< 1 Samuël 18 >

1 Het geschiedde nu, als hij geeindigd had tot Saul te spreken, dat de ziel van Jonathan verbonden werd aan de ziel van David; en Jonathan beminde hem als zijn ziel.
And it was when finished he to speak to Saul and [the] self of Jonathan it was bound with [the] self of David (and he loved him *Q(k)*) Jonathan like own self his.

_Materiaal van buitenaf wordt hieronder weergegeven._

(* Let $n,x$ be integers with $1<x<n$, so that $G=C_{2n}(x,1,n)$ is a $5$-regular circulant graph. If $n\equiv x\equiv 0\pmod 3$ and $\tfrac{n}{2}\leq x\leq n$, then $G$ is word-representable.
   Context: Two distinct letters $x,y$ alternate in a word $w$ if, after deleting all other letters from $w$, the resulting word is of the form $xyxy\cdots$ or $yxyx\cdots$ (of even or odd length). A graph $G=(V,E)$ is word-representable if there is a word $w$ over the alphabet $V$, containing every letter of $V$ at least once, such that for all distinct $x,y\in V$, $xy\in E$ if and only if $x$ and $y$ alternate in $w$. For an integer $m$ and a set $R$ of positive integers each at most $m/2$, the circulant graph $C_m(R)$ has vertex set $\{0,1,\dots,m-1\}$, with $i$ and $j$ adjacent iff $\min(|i-j|,\,m-|i-j|)\in R$. $C_{2n}(x,1,n)$ denotes the circulant graph on $2n$ vertices with jump set $\{1,x,n\}$; it is $5$-regular exactly when $1<x<n$. *)

From mathcomp Require Import all_boot.
Set Implicit Arguments. Unset Strict Implicit. Unset Printing Implicit Defensive.

Definition alt_word (T : Type) (x y : T) (k : nat) : seq T :=
  [seq (if odd i then y else x) | i <- iota 0 k].

Definition alternate (T : eqType) (x y : T) (w : seq T) : Prop :=
  let s := [seq z <- w | (z == x) || (z == y)] in
  s = alt_word x y (size s) \/ s = alt_word y x (size s).

Definition word_representable (V : finType) (E : rel V) : Prop :=
  exists w : seq V, (forall v : V, v \in w) /\
    (forall a b : V, a != b -> (E a b <-> alternate a b w)).

Definition circ_dist (m : nat) (i j : 'I_m) : nat :=
  let d := maxn i j - minn i j in minn d (m - d).

Definition circulant (m : nat) (R : seq nat) : rel 'I_m :=
  fun i j => circ_dist i j \in R.
Arguments circulant m R : clear implicits.

From mathcomp Require Import all_boot zify.
Set Implicit Arguments. Unset Strict Implicit. Unset Printing Implicit Defensive.

(* Label the vertices of a graph properly by levels 0..3 and orient every edge towards its
   higher end.  If every directed path v0 v1 v2 v3 with v0 v3 an edge also has the edges v0 v2
   and v1 v3 (semi-transitivity; with four levels no longer paths exist), the graph is
   word-representable: concatenate, over all pairs (a, c), words listing every vertex twice in
   which every edge alternates and, when ac is not an edge, a and c do not.
   For C_2n(1, x, n) vertex i gets level (i mod 3 + #{t in {x, n, n + x} | t <= i}) mod 4.  An
   edge raising the level by 1 modulo 4 never lowers the residue mod 3, and keeps it only if it
   is a jump by +x.  A directed path v0 v1 v2 v3 closed by the edge v3 v0 raises the level by 1
   modulo 4 four times, so it is made of four +x jumps; then 4x = 2n, and v0 v2, v1 v3 are
   diameters of the cycle, i.e. edges. *)

Lemma alt_wordD4 (T : Type) (a b : T) k :
  alt_word a b (4 + k) = [:: a; b; a; b] ++ alt_word a b k.
Proof.
rewrite /alt_word iotaD map_cat add0n -[4]addn0 iotaDl -map_comp.
by congr (_ ++ _); apply: eq_map => i /=; rewrite !negbK.
Qed.

Definition restrict2 (T : eqType) (a b : T) (s : seq T) := [seq z <- s | (z == a) || (z == b)].

Lemma alternate_sym (T : eqType) (a b : T) w : alternate a b w <-> alternate b a w.
Proof.
rewrite /alternate (eq_filter (a2 := fun z => (z == b) || (z == a))) => [|z]; last exact: orbC.
by split=> -[] ?; [right | left | right | left].
Qed.

Lemma flatten_alt_word4 (T : eqType) (a b : T) (ss : seq (seq T)) :
  all (fun s => size s == 4) ss ->
  (flatten ss == alt_word a b (size (flatten ss))) = all (pred1 [:: a; b; a; b]) ss.
Proof.
elim: ss => [|s ss IH] //= /andP[/eqP size_s size_ss].
by rewrite size_cat size_s alt_wordD4 eqseq_cat ?size_s // IH.
Qed.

2 En Saul nam hem te dien dage, en liet hem niet werderkeren tot zijns vaders huis.
And he took him Saul on the day that and not he permitted him to return [the] house of father his.
3 Jonathan nu en David maakten een verbond, dewijl hij hem liefhad als zijn ziel.
And he made Jonathan and David a covenant in love his him like own self his.
4 En Jonathan deed zijn mantel af, dien hij aan had, en gaf hem aan David, ook zijn klederen, ja, tot zijn zwaard toe, en tot zijn boog toe, en tot zijn gordel toe.
And he stripped himself Jonathan the robe which [was] on him and he gave it to David and garments his and to sword his and to bow his and to belt his.
5 En David toog uit, overal, waar Saul hem zond; hij gedroeg zich voorzichtiglijk, en Saul zette hem over de krijgslieden; en hij was aangenaam in de ogen des gansen volks, en ook in de ogen der knechten van Saul.
And he went out David in every where he sent him Saul he prospered and he appointed him Saul over [the] men of war and it was good in [the] eyes of all the people and also in [the] eyes of [the] servants of Saul.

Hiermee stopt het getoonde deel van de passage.